19:18The fact that you're expected to interface with Git via a CLI in a real environment with real files is stupid in a world where we have awesome tools like Just Bash. If you're not familiar with Just Bash, it is a full JavaScript or TypeScript layer that emulates Bash so that you can run an agent like a ClaudeCoder Codex type thing without having a real Linux kernel and a real file system.
19:42Instead, it can run entirely inside of memory, inside of JavaScript, and not know any better. It's a lot easier to clone shit randomly within memory than it is to move files around a whole bunch on your system.
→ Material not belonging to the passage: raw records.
(* Let $n$ and $0<n_1<\cdots<n_d<n$ be integers with $m_1=n_1$, $m_k=n_k-n_{k-1}$ ($2\le k\le d$), $m_{d+1}=n-n_d$, and regard $\mathrm{Flag}(n_1,\dots,n_d;n)=\{(VJ_1V^{\mathsf T},\dots,VJ_dV^{\mathsf T}):V\in\mathrm{O}(n)\}$ as a submanifold of $(\mathbb{R}^{n\times n})^d$ with the Euclidean (Frobenius) inner product $\langle (X_k),(Y_k)\rangle=\sum_k\operatorname{tr}(X_k^{\mathsf T}Y_k)$. Let $V(t)$ be a differentiable curve in $\mathrm{O}(n)$, $\Lambda(t)=V(t)^{\mathsf T}\dot V(t)\in\mathfrak{so}(n)$, and assume $\Lambda(p,p)(t)\equiv 0$ for $p=1,\dots,d+1$. Let $c(t)=V(t)(J_1,\dots,J_d)V(t)^{\mathsf T}$ and \[ T_2(t)=V(t)\big(\Lambda(t)^2J_1+J_1\Lambda(t)^2,\dots,\Lambda(t)^2J_d+J_d\Lambda(t)^2\big)V(t)^{\mathsf T}. \] Then the orthogonal projection of $T_2(t)$ onto $\mathbb{T}_{c(t)}\mathrm{Flag}(n_1,\dots,n_d;n)$ is zero.
   Context: $J_k=\operatorname{diag}(-I_{m_1},\dots,-I_{m_{k-1}},I_{m_k},-I_{m_{k+1}},\dots,-I_{m_{d+1}})$. $V(X_1,\dots,X_d)V^{\mathsf T}$ denotes $(VX_1V^{\mathsf T},\dots,VX_dV^{\mathsf T})$. For an $n\times n$ matrix $M$, $M(p,q)$ denotes its $(p,q)$ block in the partition $n=m_1+\cdots+m_{d+1}$. *)

From HB Require Import structures.
From mathcomp Require Import all_boot all_order all_algebra.
From mathcomp Require Import all_classical all_reals all_analysis.
Set Implicit Arguments. Unset Strict Implicit. Unset Printing Implicit Defensive.
Import Order.TTheory GRing.Theory Num.Theory.
Import numFieldNormedType.Exports.
Local Open Scope ring_scope.
Local Open Scope classical_set_scope.

Section FlagDefs.
Variable R : realType.
Variables (n d : nat).

(* ns : 'I_d -> nat encodes n_1 < ... < n_d (ns k = n_{k+1}). *)

(* 0-indexed block of row index i in the partition n = m_1 + ... + m_{d+1}:
   block p (1-indexed) consists of the indices n_{p-1} <= i < n_p (n_0 = 0,
   n_{d+1} = n); blk i = #{k | n_k <= i} = p - 1. *)
Definition blk (ns : 'I_d -> nat) (i : 'I_n) : nat := #|[set k : 'I_d | (ns k <= i)%N]|.

(* J_{k+1} = diag(-I, .., -I, I_{m_{k+1}}, -I, .., -I), for k : 'I_d. *)
Definition Jmx (ns : 'I_d -> nat) (k : 'I_d) : 'M[R]_n :=
  \matrix_(i, j) (if i == j then (if blk ns i == k then 1 else -1) else 0).

Definition orthmx (W : 'M[R]_n) : Prop := W^T *m W = 1%:M.

Definition Flag (ns : 'I_d -> nat) : set ('I_d -> 'M[R]_n) :=
  [set X | exists W, orthmx W /\ forall k, X k = W *m Jmx ns k *m W^T].

Definition frob (X Y : 'I_d -> 'M[R]_n) : R := \sum_k \tr ((X k)^T *m Y k).

Definition mx_derivable m p (V : R -> 'M[R]_(m, p)) (t : R) : Prop :=
  forall i j, derivable (fun s => V s i j) t 1.
Definition mx_deriv m p (V : R -> 'M[R]_(m, p)) (t : R) : 'M[R]_(m, p) :=
  \matrix_(i, j) (fun s => V s i j)^`() t.

Definition tangent_space (M : set ('I_d -> 'M[R]_n)) (x : 'I_d -> 'M[R]_n)
  : set ('I_d -> 'M[R]_n) :=
  [set Y | exists g : R -> ('I_d -> 'M[R]_n),
     (\forall s \near (0:R), M (g s)) /\ g 0 = x /\
     (forall k, mx_derivable (fun s => g s k) 0) /\
     (forall k, mx_deriv (fun s => g s k) 0 = Y k)].

Definition is_orth_proj (T : set ('I_d -> 'M[R]_n)) (X P : 'I_d -> 'M[R]_n) : Prop :=
  T P /\ forall Y, T Y -> frob (fun k => X k - P k) Y = 0.

End FlagDefs.

(** The points of the flag manifold are tuples of symmetric involutions, so
    differentiating X_k^2 = 1 along a curve shows that every tangent vector Y
    at X satisfies Y_k X_k + X_k Y_k = 0.  Since V^T V = 1, the k-th component
    of T_2 is the anticommutator S c_k + c_k S with S = V Λ² V^T, and
    tr((S c_k + c_k S)^T Y_k) = tr(S^T (Y_k c_k + c_k Y_k)) = 0. *)
From HB Require Import structures.
From mathcomp Require Import all_boot all_order all_algebra.
From mathcomp Require Import all_classical all_reals all_analysis.
Import Order.TTheory GRing.Theory Num.Theory.
Import numFieldNormedType.Exports.
Local Open Scope ring_scope.
Local Open Scope classical_set_scope.

Section ConjugationTrace.
Context {R : comPzRingType} {n : nat}.
Implicit Types A B S W Y c : 'M[R]_n.

Lemma orth_conj_mulmx W A B : W^T *m W = 1%:M ->
  W *m (A *m B) *m W^T = (W *m A *m W^T) *m (W *m B *m W^T).
Proof.
by move=> WtW; rewrite !mulmxA -[W *m A *m W^T *m W]mulmxA WtW mulmx1.
Qed.

Lemma mxtrace_anticomm c S Y : c^T = c -> Y *m c + c *m Y = 0 ->
  \tr ((S *m c + c *m S)^T *m Y) = 0.
Proof.
move=> c_sym Yc_anti.
rewrite linearD /= !trmx_mul c_sym mulmxDl mxtraceD -mulmxA mxtrace_mulC.
by rewrite -mxtraceD -!mulmxA -mulmxDr Yc_anti mulmx0 linear0.
Qed.

End ConjugationTrace.

Section MatrixDerivative.
Variable R : realType.

Lemma mx_deriv_mul m p q (f : R -> 'M[R]_(m, p)) (g : R -> 'M[R]_(p, q)) t :
  mx_derivable f t -> mx_derivable g t ->
  mx_deriv (fun s => f s *m g s) t = mx_deriv f t *m g t + f t *m mx_deriv g t.
Proof.
move=> fd gd; apply/matrixP => i j; rewrite !mxE -big_split /=.
pose h l := ((fun s => f s i l) : R -> R^o) * (fun s => g s l j).
have -> : (fun s => (f s *m g s) i j) = \sum_l h l.
  by apply/funext => s; rewrite mxE fct_sumE.
rewrite derive1E derive_sum => [|l]; last exact: derivableM.
apply: eq_bigr => l _; rewrite deriveM // !mxE !derive1E.
by rewrite addrC; congr (_ + _); exact: mulrC.
Qed.

Lemma mx_deriv_near_cst m p (f : R -> 'M[R]_(m, p)) t A :
  (\forall s \near t, f s = A) -> mx_deriv f t = 0.
Proof.
move=> fA; apply/matrixP => i j; rewrite !mxE derive1E.
have fAij : \forall s \near t, ((fun s => f s i j) : R -> R^o) s = cst (A i j) s.
  by apply: filterS fA => s ->.
by rewrite (near_eq_derive _ fAij) derive_cst.
Qed.

Lemma mx_deriv_involution n (f : R -> 'M[R]_n) t :
  mx_derivable f t -> (\forall s \near t, f s *m f s = 1%:M) ->
  mx_deriv f t *m f t + f t *m mx_deriv f t = 0.
Proof. by move=> fd fsq; rewrite -mx_deriv_mul //; exact: mx_deriv_near_cst fsq. Qed.

End MatrixDerivative.

Section FlagTangent.
Variable R : realType.
Variables n d : nat.
Variable ns : 'I_d -> nat.

Lemma trmx_Jmx k : (Jmx R n ns k)^T = Jmx R n ns k.
Proof. by apply/matrixP => i j; rewrite !mxE eq_sym; case: eqP => // ->. Qed.

Lemma Jmx_sq k : Jmx R n ns k *m Jmx R n ns k = 1%:M.
Proof.
apply/matrixP => i j; rewrite !mxE (bigD1 i) //= big1 ?addr0 => [|l /negbTE li].
  by rewrite !mxE eqxx; case: eqP => _; case: ifP; rewrite ?mulr0 ?mulrNN ?mulr1.
by rewrite !mxE eq_sym li mul0r.
Qed.

Lemma Flag_sq X k : @Flag R n d ns X -> X k *m X k = 1%:M.
Proof.
case=> W [WtW ->]; have WWt : W *m W^T = 1%:M by exact: mulmx1C.
by rewrite -orth_conj_mulmx // Jmx_sq mulmx1.
Qed.

Lemma tangent_space0 (M : set ('I_d -> 'M[R]_n)) x :
  M x -> tangent_space M x (fun _ => 0).
Proof.
move=> Mx; exists (fun _ => x); split; last split; [|by []|split].
- exact: filterE.
- by move=> k i j; exact: derivable_cst.
- by move=> k; apply/matrixP => i j; rewrite !mxE derive1_cst.
Qed.

Lemma tangent_Flag_anticomm x Y k :
  tangent_space (@Flag R n d ns) x Y -> Y k *m x k + x k *m Y k = 0.
Proof.
case=> g [gFlag [<- [gd <-]]]; apply: mx_deriv_involution => //.
by apply: filterS gFlag => s /Flag_sq; apply.
Qed.

End FlagTangent.

Theorem lemma3p7 (R : realType) (n d : nat) (ns : 'I_d -> nat)
  (hd : (0 < d)%N)
  (hpos : forall k : 'I_d, (0 < ns k)%N)
  (hinc : forall k l : 'I_d, (k < l)%N -> (ns k < ns l)%N)
  (hlt : forall k : 'I_d, (ns k < n)%N)
  (V : R -> 'M[R]_n)
  (hVO : forall t, orthmx (V t))
  (hVd : forall t, mx_derivable V t)
  (hLam : forall t (i j : 'I_n), blk ns i = blk ns j ->
            ((V t)^T *m mx_deriv V t) i j = 0)
  (t : R) :
  let Lam := (V t)^T *m mx_deriv V t in
  let c := fun k : 'I_d => V t *m @Jmx R n d ns k *m (V t)^T in
  let T2 := fun k : 'I_d =>
    V t *m (Lam *m Lam *m @Jmx R n d ns k + @Jmx R n d ns k *m (Lam *m Lam)) *m (V t)^T in
  is_orth_proj (tangent_space (@Flag R n d ns) c) T2 (fun _ => 0).
Proof.
move=> Lam c T2; split; first by apply: tangent_space0; exists (V t).
move=> Y /tangent_Flag_anticomm Yc_anti; rewrite /frob big1 // => k _.
have c_sym : (c k)^T = c k by rewrite !trmx_mul trmxK trmx_Jmx mulmxA.
set S := Lam *m Lam; set J := Jmx R n ns k.
rewrite subr0 /T2 mulmxDr mulmxDl.
rewrite (orth_conj_mulmx _ S J (hVO t)) (orth_conj_mulmx _ J S (hVO t)).
exact: mxtrace_anticomm c_sym (Yc_anti k).
Qed.
(* Suppose the positive sequences $\{\gamma_k\}$, $\{\lambda_k\}$ satisfy Assumption (A2), and let $\{x_k\}$ be generated by the IR-IG method. Then (a) $\lim_{k\to\infty}\|x_k-x_{\lambda_{k-1}}^*\|=0$; (b) if in addition $\lim_{k\to\infty}\lambda_k=0$, then $x_k\to x_h^*$.
   Context: Standing setup: $X\subset\mathbb{R}^n$ is nonempty, compact and convex. $f_1,\dots,f_m:\mathbb{R}^n\to\mathbb{R}$ are convex (possibly nondifferentiable) functions and $f=\sum_{i=1}^m f_i$. $h:\mathbb{R}^n\to\mathbb{R}$ is strongly convex with parameter $\mu_h>0$ (possibly nondifferentiable). Let $X^*=\arg\min_{x\in X}f(x)$ and let $x_h^*$ be the unique minimizer of $h$ over $X^*$. For $\lambda>0$, $x_\lambda^*$ denotes the unique minimizer of $f+\lambda h$ over $X$. $\mathcal{P}_X$ denotes Euclidean projection onto $X$. IR-IG method: given $x_0\in X$ and positive sequences $\{\gamma_k\}$, $\{\lambda_k\}$, for each $k\ge0$ set $x_{k,0}=x_k$; for $i=0,\dots,m-1$ pick any $g_{f_{i+1}}(x_{k,i})\in\partial f_{i+1}(x_{k,i})$ and $g_h(x_{k,i})\in\partial h(x_{k,i})$ and set $x_{k,i+1}=\mathcal{P}_X\big(x_{k,i}-\gamma_k\big(g_{f_{i+1}}(x_{k,i})+\tfrac{\lambda_k}{m}g_h(x_{k,i})\big)\big)$; then set $x_{k+1}=x_{k,m}$. Assumption (A2) on $\{\gamma_k\},\{\lambda_k\}$: (a) both are non-increasing positive sequences with $\gamma_0\lambda_0\le 2m/\mu_h$; (b) $\sum_{k=0}^\infty\gamma_k\lambda_k=\infty$; (c) $\sum_{k=1}^\infty\frac{1}{\gamma_k\lambda_k}\left(\frac{\lambda_{k-1}}{\lambda_k}-1\right)^2<\infty$; (d) $\sum_{k=0}^\infty\gamma_k^2<\infty$; (e) $\lim_{k\to\infty}\frac{1}{\gamma_k^2\lambda_k^2}\left(\frac{\lambda_{k-1}}{\lambda_k}-1\right)^2=0$; (f) $\lim_{k\to\infty}\gamma_k/\lambda_k=0$. *)

From mathcomp Require Import ssreflect ssrfun ssrbool eqtype ssrnat seq fintype bigop.
From Stdlib Require Import Reals.
Open Scope R_scope.

Definition vec (n : nat) := 'I_n -> R.
(* Let $a,b,c\in\mathbb{R}$ be such that $$B=\begin{pmatrix}1&a&b\\ a&1&c\\ b&c&1\end{pmatrix}$$ is positive semidefinite. Put $$c_-=ab-\sqrt{(1-a^2)(1-b^2)},\qquad c_+=ab+\sqrt{(1-a^2)(1-b^2)},$$ $$\Delta_{a,b}=\max\{\sqrt{1-c_-^2},\sqrt{1-c_+^2}\},\qquad \delta_{a,b}=\min\{\sqrt{1-c_-^2},\sqrt{1-c_+^2}\}.$$ (i) If $f$ is a function on $[c_-,c_+]$ with $\delta_{a,b}\le f(x)$ for all $x\in[c_-,c_+]$, then $|a^2-b^2|\le\Delta_{a,b}f(x)$ for all $x\in[c_-,c_+]$. In particular, $|a^2-b^2|\le\Delta_{a,b}\sqrt{1-c^2}$. (ii) If $g$ is a function on $[c_-,c_+]$ with $\sqrt{1-c_+}\le g(x)$ for all $x\in[c_-,c_+]$, then $|a-b|\le\sqrt{1-c_-}\,g(x)$ for all $x\in[c_-,c_+]$. In particular, $|a-b|\le\sqrt{1-c_-}\,\sqrt{1-c}$. (iii) If moreover $a,b,c\in[0,1]$, then $|a-b|\le\sqrt{1-c^2}$. *)

From Stdlib Require Import Reals.
Open Scope R_scope.

Definition Bmat (a b c : R) (i j : nat) : R :=
  match i, j with
  | 0, 1 | 1, 0 => a
  | 0, 2 | 2, 0 => b
  | 1, 2 | 2, 1 => c
  | _, _ => 1
  end.

Definition psd3 (a b c : R) : Prop :=
  forall v : nat -> R,
    0 <= sum_f_R0 (fun i => sum_f_R0 (fun j => v i * Bmat a b c i j * v j) 2) 2.

Definition c_minus (a b : R) : R := a * b - sqrt ((1 - a ^ 2) * (1 - b ^ 2)).
Definition c_plus (a b : R) : R := a * b + sqrt ((1 - a ^ 2) * (1 - b ^ 2)).

Definition Delta_ab (a b : R) : R :=
  Rmax (sqrt (1 - c_minus a b ^ 2)) (sqrt (1 - c_plus a b ^ 2)).
Definition delta_ab (a b : R) : R :=
  Rmin (sqrt (1 - c_minus a b ^ 2)) (sqrt (1 - c_plus a b ^ 2)).

(* Writing r = sqrt((1-a^2)(1-b^2)), so that c_(+/-) = ab +/- r, positive
   semidefiniteness of B gives a^2, b^2 <= 1 and
   det B = (1-a^2)(1-b^2) - (c-ab)^2 >= 0, i.e. c lies in [c_-, c_+].
   Eliminating r^2 gives the two identities
     (1 - c_-^2)(1 - c_+^2) = (a^2 - b^2)^2   and   (1 - c_-)(1 - c_+) = (a - b)^2,
   so Delta * delta = |a^2 - b^2| and |a - b| = sqrt(1 - c_-) sqrt(1 - c_+);
   (i) and (ii) follow by bounding the smaller factor, and (iii) is
   1 - c^2 - (a-b)^2 = det B + 2ab(1-c) >= 0. *)
From Stdlib Require Import Reals Lra Psatz.
Open Scope R_scope.

Lemma nonneg_of_mul_add_nonneg (x y : R) :
  0 <= x * y -> 0 <= x + y -> 0 <= x /\ 0 <= y.
Proof. intros Hxy Hs; split; nra. Qed.

Lemma Rmax_mul_Rmin (x y : R) : Rmax x y * Rmin x y = x * y.
Proof. unfold Rmax, Rmin; destruct Rle_dec; ring. Qed.

Lemma sqrt_pow2_abs (x : R) : sqrt (x ^ 2) = Rabs x.
Proof. rewrite <- pow2_abs; apply sqrt_pow2, Rabs_pos. Qed.

Lemma Rmin_sqrt_one_sub_sq_le (u v x : R) :
  u <= x <= v -> Rmin (sqrt (1 - u ^ 2)) (sqrt (1 - v ^ 2)) <= sqrt (1 - x ^ 2).
Proof.
  intros [Hux Hxv]; destruct (Rle_dec 0 x) as [Hx | Hx].
  - eapply Rle_trans; [apply Rmin_r |]; apply sqrt_le_1_alt; nra.
  - eapply Rle_trans; [apply Rmin_l |]; apply sqrt_le_1_alt; nra.
Qed.

Section CorrelationBounds.

Variables a b : R.
Hypothesis Ha : a ^ 2 <= 1.
Hypothesis Hb : b ^ 2 <= 1.

Lemma sqrt_one_sub_sq_prod_sq :
  sqrt ((1 - a ^ 2) * (1 - b ^ 2)) ^ 2 = (1 - a ^ 2) * (1 - b ^ 2).
Proof. apply pow2_sqrt; apply Rmult_le_pos; lra. Qed.

Lemma between_c_minus_c_plus (x : R) :
  (x - a * b) ^ 2 <= (1 - a ^ 2) * (1 - b ^ 2) -> c_minus a b <= x <= c_plus a b.
Proof.
  intros Hx; pose proof sqrt_one_sub_sq_prod_sq as Hr.
  unfold c_minus, c_plus; set (r := sqrt _) in *.
  assert (0 <= r) by apply sqrt_pos.
  split; nra.
Qed.

Lemma one_sub_sq_c_minus_mul_c_plus :
  (1 - c_minus a b ^ 2) * (1 - c_plus a b ^ 2) = (a ^ 2 - b ^ 2) ^ 2.
Proof.
  pose proof sqrt_one_sub_sq_prod_sq as Hr.
  unfold c_minus, c_plus; set (r := sqrt _) in *.
  replace ((1 - (a * b - r) ^ 2) * (1 - (a * b + r) ^ 2))
    with ((1 - (a * b) ^ 2 - r ^ 2) ^ 2 - 4 * (a * b) ^ 2 * r ^ 2) by ring.
  rewrite Hr; ring.
Qed.

Lemma one_sub_sq_c_minus_c_plus_ge0 :
  0 <= 1 - c_minus a b ^ 2 /\ 0 <= 1 - c_plus a b ^ 2.
Proof.
  apply nonneg_of_mul_add_nonneg.
  - rewrite one_sub_sq_c_minus_mul_c_plus; apply pow2_ge_0.
  - pose proof sqrt_one_sub_sq_prod_sq as Hr.
    unfold c_minus, c_plus; set (r := sqrt _) in *.
    replace (1 - (a * b - r) ^ 2 + (1 - (a * b + r) ^ 2))
      with (2 - 2 * (a * b) ^ 2 - 2 * r ^ 2) by ring.
    rewrite Hr; nra.
Qed.

Lemma Delta_ab_mul_delta_ab : Delta_ab a b * delta_ab a b = Rabs (a ^ 2 - b ^ 2).
Proof.
  destruct one_sub_sq_c_minus_c_plus_ge0 as [Hm Hp].
  unfold Delta_ab, delta_ab.
  rewrite Rmax_mul_Rmin, <- sqrt_mult by assumption.
  rewrite one_sub_sq_c_minus_mul_c_plus; apply sqrt_pow2_abs.
Qed.

Lemma one_sub_c_minus_mul_c_plus :
  (1 - c_minus a b) * (1 - c_plus a b) = (a - b) ^ 2.
Proof.
  pose proof sqrt_one_sub_sq_prod_sq as Hr.
  unfold c_minus, c_plus; set (r := sqrt _) in *.
  replace ((1 - (a * b - r)) * (1 - (a * b + r))) with ((1 - a * b) ^ 2 - r ^ 2) by ring.
  rewrite Hr; ring.
Qed.

Lemma one_sub_c_minus_c_plus_ge0 : 0 <= 1 - c_minus a b /\ 0 <= 1 - c_plus a b.
Proof.
  apply nonneg_of_mul_add_nonneg.
  - rewrite one_sub_c_minus_mul_c_plus; apply pow2_ge_0.
  - unfold c_minus, c_plus; nra.
Qed.

Lemma Rabs_sub_eq_sqrt_mul :
  Rabs (a - b) = sqrt (1 - c_minus a b) * sqrt (1 - c_plus a b).
Proof.
  destruct one_sub_c_minus_c_plus_ge0 as [Hm Hp].
  rewrite <- sqrt_mult, one_sub_c_minus_mul_c_plus by assumption.
  symmetry; apply sqrt_pow2_abs.
Qed.

End CorrelationBounds.

Lemma Delta_ab_ge0 (a b : R) : 0 <= Delta_ab a b.
Proof. unfold Delta_ab; eapply Rle_trans; [apply sqrt_pos | apply Rmax_l]. Qed.

Lemma psd3_quad_form (a b c : R) : psd3 a b c -> forall x y z : R,
  0 <= x * x + y * y + z * z + 2 * a * x * y + 2 * b * x * z + 2 * c * y * z.
Proof.
  intros HB x y z.
  specialize (HB (fun i => match i with 0%nat => x | 1%nat => y | _ => z end)).
  simpl in HB; nra.
Qed.

Section Psd3.

Variables a b c : R.
Hypothesis HB : psd3 a b c.

Lemma psd3_a_sq_le_1 : a ^ 2 <= 1.
Proof. pose proof (psd3_quad_form _ _ _ HB 1 (- a) 0); nra. Qed.

Lemma psd3_b_sq_le_1 : b ^ 2 <= 1.
Proof. pose proof (psd3_quad_form _ _ _ HB 1 0 (- b)); nra. Qed.

Lemma psd3_det_ge0 : 0 <= 1 + 2 * a * b * c - a ^ 2 - b ^ 2 - c ^ 2.
Proof.
  set (d := 1 + 2 * a * b * c - a ^ 2 - b ^ 2 - c ^ 2).
  (* At (ac - b, ab - c, 1 - a^2 - d) the form equals d (1 - a^2) - d^2,
     which is negative whenever d < 0. *)
  pose proof (psd3_quad_form _ _ _ HB (a * c - b) (a * b - c) (1 - a ^ 2 - d)) as Q.
  replace (_ + _) with (d * (1 - a ^ 2) - d * d) in Q by (unfold d; ring).
  pose proof psd3_a_sq_le_1; nra.
Qed.

Lemma psd3_between_c_minus_c_plus : c_minus a b <= c <= c_plus a b.
Proof.
  apply between_c_minus_c_plus; [apply psd3_a_sq_le_1 | apply psd3_b_sq_le_1 |].
  pose proof psd3_det_ge0; nra.
Qed.

Lemma psd3_Rabs_sub_le (Ha : 0 <= a) (Hb : 0 <= b) (Hc : c <= 1) :
  Rabs (a - b) <= sqrt (1 - c ^ 2).
Proof.
  rewrite <- sqrt_pow2_abs; apply sqrt_le_1_alt.
  assert (0 <= a * b * (1 - c)) by (apply Rmult_le_pos; [apply Rmult_le_pos |]; lra).
  pose proof psd3_det_ge0; nra.
Qed.

End Psd3.

Theorem theorem2 (a b c : R) (HB : psd3 a b c) :
  (* (i) *)
  (forall f : R -> R,
     (forall x, c_minus a b <= x <= c_plus a b -> delta_ab a b <= f x) ->
     forall x, c_minus a b <= x <= c_plus a b ->
       Rabs (a ^ 2 - b ^ 2) <= Delta_ab a b * f x) /\
  Rabs (a ^ 2 - b ^ 2) <= Delta_ab a b * sqrt (1 - c ^ 2) /\
  (* (ii) *)
  (forall g : R -> R,
     (forall x, c_minus a b <= x <= c_plus a b -> sqrt (1 - c_plus a b) <= g x) ->
     forall x, c_minus a b <= x <= c_plus a b ->
       Rabs (a - b) <= sqrt (1 - c_minus a b) * g x) /\
  Rabs (a - b) <= sqrt (1 - c_minus a b) * sqrt (1 - c) /\
  (* (iii) *)
  (0 <= a <= 1 -> 0 <= b <= 1 -> 0 <= c <= 1 -> Rabs (a - b) <= sqrt (1 - c ^ 2)).
Proof.
  pose proof (psd3_a_sq_le_1 _ _ _ HB) as Ha.
  pose proof (psd3_b_sq_le_1 _ _ _ HB) as Hb.
  pose proof (psd3_between_c_minus_c_plus _ _ _ HB) as Hc.
  pose proof (Delta_ab_mul_delta_ab _ _ Ha Hb) as HDd.
  pose proof (Rabs_sub_eq_sqrt_mul _ _ Ha Hb) as Hab.
  split; [| split; [| split; [| split]]].
  - intros f Hf x Hx; rewrite <- HDd.
    apply Rmult_le_compat_l; [apply Delta_ab_ge0 | auto].
  - rewrite <- HDd; apply Rmult_le_compat_l; [apply Delta_ab_ge0 |].
    apply Rmin_sqrt_one_sub_sq_le, Hc.
  - intros g Hg x Hx; rewrite Hab.
    apply Rmult_le_compat_l; [apply sqrt_pos | auto].
  - rewrite Hab; apply Rmult_le_compat_l; [apply sqrt_pos |].
    apply sqrt_le_1_alt; lra.
  - intros [Ha0 _] [Hb0 _] [_ Hc1]; apply (psd3_Rabs_sub_le _ _ _ HB); assumption.
Qed.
19:54Slight tangent, but I wanna vent about this because I really want this fixed and I don't know where else to complain. Nullvox Populi shared this benchmark with me earlier this year, and it has haunted me since. This is a benchmark on disk performance for tools like Git and PnPM across different platforms.
20:12He was replying this to a post I made about how fast the SSDs are on my m five Mac. SSD is super fast. I was really excited for, like, bulk reads and writes and shit on this machine.
20:21And then I looked at his benchmark. The way this benchmark works is you clone the project, which has a bunch of sub frameworks in it that are boilerplates that have a bunch of random shit installed.
20:34And the benchmark is cloning all of this, PNPM installing all of this from cache, and measuring how long it takes for the files to be created.
20:43Because there is no network access being done here. Everything's already cached. It's just recreating the contents in the directories.
20:50And the results haunt me. With an old middle range AMD CPU and admittedly a lot of RAM, the clean install took six point eight seconds on Ubuntu, to be clear, with a normal Western Digital SSD.
21:04On an m four chip with the really fancy Apple SSD, the exact same thing took thirty one seconds.
21:13This appears to be a massive problem with APFS, which is Apple's file system, where creating a lot of small files sucks, The point where an m one Ultra could take upwards of a hundred and forty seconds to do this.
21:26Hundred and forty seconds for a task that a similar MacBook running Ubuntu instead can do in three to twelve seconds. That's insane. That is actually insane.
21:36APFS is garbage. At the very least, it's garbage at these types of small file readwrites, and all of these numbers show it. This type of thing just sucks.
21:45It's really bad. And it makes spinning up lots of small environments for your agents to work in, it is just bad. There is no excuse for it to be this bad.
21:54This means that crazy solutions like a RAM disk that are using other file system technologies actually make sense. Apparently, this is all f sync causing problems.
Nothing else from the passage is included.